Quote the entries below from the line with "Definition Alexander_formula (s" through the line with "by rewrite [LHS]mx2_eta !mxE !big_ord_recr", both ends included, and only those lines.

_Data extract_:

----

(* Fix $P_L$ to be either the Alexander polynomial of $L$ for every link $L$, or the Jones polynomial of $L$ for every link $L$. For integers $t,n$, the set $X'_{t,n}$ equals the set of all isotopy classes of links $L$ of braid index three such that $e(L)=n$ and $P_L(-1)=i^n(t-2)$.
   Context: $B_3=\langle\sigma_1,\sigma_2:\sigma_1\sigma_2\sigma_1=\sigma_2\sigma_1\sigma_2\rangle$; $\phi:B_3\to\mathrm{SL}_2(\mathbb{Z})$ is given by $\phi(\sigma_1)=\begin{bmatrix}1&1\\0&1\end{bmatrix}$, $\phi(\sigma_2)=\begin{bmatrix}1&0\\-1&1\end{bmatrix}$; $\epsilon:B_3\to\mathbb{Z}$ is the exponent sum. For a link $L$ of braid index three, $e(L)$ is the writhe of the closure diagram of any $g\in B_3$ with closure $L$ (i.e. $\epsilon(g)$), which depends only on $L$. $X'_{t,n}$ is the set of isotopy classes of links $L$ of braid index three such that $e(L)=n$ and $i^{\epsilon(g)}(\mathrm{tr}(\phi(g))-2)=i^n(t-2)$ for a (equivalently any) $g\in B_3$ with closure $L$; here $i=\sqrt{-1}$. The Alexander polynomial $\Delta_L$ and Jones polynomial $V_L$ are normalized as in Jones (Ann. of Math. 1987): with $\beta_3$ the reduced Burau representation $\beta_3(\sigma_1)=\begin{bmatrix}1&-q\\0&-q\end{bmatrix}$, $\beta_3(\sigma_2)=\begin{bmatrix}-q&0\\-1&1\end{bmatrix}$, the closure $\overline g$ of $g\in B_3$ satisfies $\Delta_{\overline g}(q)=\left(-\tfrac{1}{\sqrt q}\right)^{\epsilon(g)-2}\frac{1-\mathrm{tr}(\beta_3(g))+(-q)^{\epsilon(g)}}{1+q+q^2}$ and $V_{\overline g}(q)=\sqrt{q}^{\,\epsilon(g)}\left(q+q^{-1}+\mathrm{tr}(\beta_3(g))\right)$; $P_L(-1)$ denotes evaluation at $q=-1$ with $\sqrt q=i$. *)

From HB Require Import structures.
From mathcomp Require Import all_boot all_order all_algebra all_field.
Set Implicit Arguments. Unset Strict Implicit. Unset Printing Implicit Defensive.
Import Order.TTheory GRing.Theory Num.Theory.
Local Open Scope ring_scope.

(* A braid word in B_3: each letter is (g, inv) where g = false means sigma_1,
   g = true means sigma_2, and inv = true means the inverse generator.
   The word [:: x1; ...; xk] denotes the product x1 x2 ... xk. *)
Definition word := seq (bool * bool).

Definition eps (w : word) : int := \sum_(x <- w) (if x.2 then (-1)%R else 1%R).

Definition mx2 {R : pzRingType} (a b c d : R) : 'M[R]_2 :=
  \matrix_(i < 2, j < 2)
    if i == ord0 then (if j == ord0 then a else b) else (if j == ord0 then c else d).

Definition phi_gen (x : bool * bool) : 'M[int]_2 :=
  match x with
  | (false, false) => mx2 1 1 0 1
  | (false, true)  => mx2 1 (-1) 0 1
  | (true, false)  => mx2 1 0 (-1) 1
  | (true, true)   => mx2 1 0 1 1
  end.
Definition phi (w : word) : 'M[int]_2 := foldr (fun x M => phi_gen x *m M) 1%:M w.

(* reduced Burau representation beta_3 evaluated at q *)
Definition beta_gen (q : algC) (x : bool * bool) : 'M[algC]_2 :=
  let M := if x.1 then mx2 (-q) 0 (-1) 1 else mx2 1 (-q) 0 (-q) in
  if x.2 then invmx M else M.
Definition beta (q : algC) (w : word) : 'M[algC]_2 :=
  foldr (fun x M => beta_gen q x *m M) 1%:M w.

(* Jones' formulas, written in the variable s = sqrt q (so q = s^2). *)
Definition Alexander_formula (s : algC) (w : word) : algC :=
  (- s^-1) ^ (eps w - 2) * (1 - \tr (beta (s ^+ 2) w) + (- s ^+ 2) ^ (eps w))
    / (1 + s ^+ 2 + s ^+ 4).
Definition Jones_formula (s : algC) (w : word) : algC :=
  s ^ (eps w) * (s ^+ 2 + (s ^+ 2)^-1 + \tr (beta (s ^+ 2) w)).

Definition Xprime (Link : Type) (cl : word -> Link) (e : Link -> int)
    (t n : int) (L : Link) : Prop :=
  e L = n /\ exists g, cl g = L /\
    'i ^ (eps g) * ((\tr (phi g))%:~R - 2) = 'i ^ n * (t%:~R - 2 : algC).

From HB Require Import structures.
From mathcomp Require Import all_boot all_order all_algebra all_field.
From mathcomp Require Import ring.
Import Order.TTheory GRing.Theory Num.Theory.
Local Open Scope ring_scope.

(* At q = -1 the reduced Burau matrices of the generators and their inverses
   are exactly the integer matrices phi(sigma_i)^(+-1), so beta_3(g) at q = -1
   is phi(g).  With sqrt q = i, both Jones' formulas then collapse to
   i^eps(g) (tr phi(g) - 2), which is the quantity defining X'_{t,n}. *)

Lemma mx2_eta (R : pzRingType) (M : 'M[R]_2) :
  M = mx2 (M ord0 ord0) (M ord0 ord_max) (M ord_max ord0) (M ord_max ord_max).
Proof.
apply/matrixP => i j; rewrite !mxE.
by case: i => [[|[|//]] ?]; case: j => [[|[|//]] ?]; congr (M _ _); apply/val_inj.
Qed.

Lemma mul_mx2 (R : pzRingType) (a b c d a' b' c' d' : R) :
  mx2 a b c d *m mx2 a' b' c' d' =
  mx2 (a * a' + b * c') (a * b' + b * d') (c * a' + d * c') (c * b' + d * d').
Proof.
by rewrite [LHS]mx2_eta !mxE !big_ord_recr !big_ord0 /= !mxE /= !add0r.
Qed.

Lemma one_mx2 (R : pzRingType) : 1%:M = mx2 1 0 0 1 :> 'M[R]_2.
Proof. by rewrite [LHS]mx2_eta !mxE. Qed.

Lemma map_mx2 (R S : pzRingType) (f : R -> S) (a b c d : R) :
  map_mx f (mx2 a b c d) = mx2 (f a) (f b) (f c) (f d).
Proof. by rewrite [LHS]mx2_eta !mxE. Qed.

Lemma invmx_mulmx1 (R : comUnitRingType) n (M N : 'M[R]_n) :
  M *m N = 1%:M -> invmx M = N.
Proof.
move=> MN1; have [Munit _] := mulmx1_unit MN1.
by rewrite -[invmx M]mulmx1 -MN1 mulmxA mulVmx // mul1mx.
Qed.

Lemma beta_gen_m1 x : beta_gen (-1) x = map_mx intr (phi_gen x).
Proof.
case: x => [[] []]; rewrite /beta_gen /= map_mx2 ?opprK //.
- rewrite (@invmx_mulmx1 _ _ _ (mx2 1 0 1 1)); first by congr mx2.
  by rewrite mul_mx2 one_mx2; congr mx2; ring.
- rewrite (@invmx_mulmx1 _ _ _ (mx2 1 (-1) 0 1)); first by congr mx2.
  by rewrite mul_mx2 one_mx2; congr mx2; ring.
Qed.

Lemma beta_m1 w : beta (-1) w = map_mx intr (phi w).
Proof.
elim: w => [|x w IHw]; first by rewrite map_mx1.
by rewrite /beta /phi /= -/(beta _ _) -/(phi _) IHw beta_gen_m1 map_mxM.
Qed.

Lemma trace_beta_sqrCi w : \tr (beta ('i ^+ 2) w) = (\tr (phi w))%:~R.
Proof. by rewrite sqrCi beta_m1 trace_map_mx. Qed.

Lemma Jones_formula_i w :
  Jones_formula 'i w = 'i ^ (eps w) * ((\tr (phi w))%:~R - 2).
Proof.
by rewrite /Jones_formula trace_beta_sqrCi sqrCi invrN invr1; congr (_ * _); ring.
Qed.

Lemma Alexander_formula_i w :
  Alexander_formula 'i w = 'i ^ (eps w) * ((\tr (phi w))%:~R - 2).
Proof.
have i_unit : ('i : algC) \is a GRing.unit by rewrite unitfE neq0Ci.
have oppVi : - ('i : algC)^-1 = 'i.
  by apply: (mulIr i_unit); rewrite mulNr mulVr // -expr2 sqrCi.
have i4 : ('i : algC) ^+ 4 = 1 by rewrite (exprM _ 2 2) sqrCi sqrrN expr1n.
have im2 : ('i : algC) ^ (-2) = -1 by rewrite -(exprnN _ 2) sqrCi invrN invr1.
rewrite /Alexander_formula trace_beta_sqrCi oppVi sqrCi opprK exp1rz i4.
by rewrite exprzDr // im2 (_ : 1 - 1 + 1 = 1 :> algC) ?divr1; ring.
Qed.

Lemma Xprime_iff_value_i (Link : Type) (cl : word -> Link)
    (cl_surj : forall L : Link, exists g, cl g = L)
    (e : Link -> int) (P : Link -> algC -> algC)
    (HP : forall g, P (cl g) 'i = 'i ^ (eps g) * ((\tr (phi g))%:~R - 2))
    (t n : int) (L : Link) :
  Xprime cl e t n L <-> (e L = n /\ P L 'i = 'i ^ n * (t%:~R - 2)).
Proof.
split=> [[eL [g [gL Hg]]] | [eL HL]]; first by split=> //; rewrite -gL HP.
split=> //; have [g gL] := cl_surj L.
by exists g; split=> //; rewrite -HP gL.
Qed.

Theorem lemma5p1 (Link : Type) (cl : word -> Link)
  (cl_surj : forall L : Link, exists g, cl g = L)
  (e : Link -> int) (he : forall g, e (cl g) = eps g)
  (Delta V : Link -> algC -> algC)
  (hDelta : forall g (s : algC), s != 0 -> 1 + s ^+ 2 + s ^+ 4 != 0 ->
     Delta (cl g) s = Alexander_formula s g)
  (hV : forall g (s : algC), s != 0 -> V (cl g) s = Jones_formula s g)
  (t n : int) :
  (forall L : Link, Xprime cl e t n L <-> (e L = n /\ Delta L 'i = 'i ^ n * (t%:~R - 2)))
  /\
  (forall L : Link, Xprime cl e t n L <-> (e L = n /\ V L 'i = 'i ^ n * (t%:~R - 2))).
Proof.
have i_neq0 := @neq0Ci algC.
have Alexander_denom_i : 1 + ('i : algC) ^+ 2 + 'i ^+ 4 != 0.
  by rewrite (exprM _ 2 2) sqrCi sqrrN expr1n addrNK oner_eq0.
split=> L; apply: Xprime_iff_value_i => // g.
- by rewrite hDelta // Alexander_formula_i.
- by rewrite hV // Jones_formula_i.
Qed.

----

_Result of the exercise_:
Definition Alexander_formula (s : algC) (w : word) : algC :=
  (- s^-1) ^ (eps w - 2) * (1 - \tr (beta (s ^+ 2) w) + (- s ^+ 2) ^ (eps w))
    / (1 + s ^+ 2 + s ^+ 4).
Definition Jones_formula (s : algC) (w : word) : algC :=
  s ^ (eps w) * (s ^+ 2 + (s ^+ 2)^-1 + \tr (beta (s ^+ 2) w)).

Definition Xprime (Link : Type) (cl : word -> Link) (e : Link -> int)
    (t n : int) (L : Link) : Prop :=
  e L = n /\ exists g, cl g = L /\
    'i ^ (eps g) * ((\tr (phi g))%:~R - 2) = 'i ^ n * (t%:~R - 2 : algC).

From HB Require Import structures.
From mathcomp Require Import all_boot all_order all_algebra all_field.
From mathcomp Require Import ring.
Import Order.TTheory GRing.Theory Num.Theory.
Local Open Scope ring_scope.

(* At q = -1 the reduced Burau matrices of the generators and their inverses
   are exactly the integer matrices phi(sigma_i)^(+-1), so beta_3(g) at q = -1
   is phi(g).  With sqrt q = i, both Jones' formulas then collapse to
   i^eps(g) (tr phi(g) - 2), which is the quantity defining X'_{t,n}. *)

Lemma mx2_eta (R : pzRingType) (M : 'M[R]_2) :
  M = mx2 (M ord0 ord0) (M ord0 ord_max) (M ord_max ord0) (M ord_max ord_max).
Proof.
apply/matrixP => i j; rewrite !mxE.
by case: i => [[|[|//]] ?]; case: j => [[|[|//]] ?]; congr (M _ _); apply/val_inj.
Qed.

Lemma mul_mx2 (R : pzRingType) (a b c d a' b' c' d' : R) :
  mx2 a b c d *m mx2 a' b' c' d' =
  mx2 (a * a' + b * c') (a * b' + b * d') (c * a' + d * c') (c * b' + d * d').
Proof.
by rewrite [LHS]mx2_eta !mxE !big_ord_recr !big_ord0 /= !mxE /= !add0r.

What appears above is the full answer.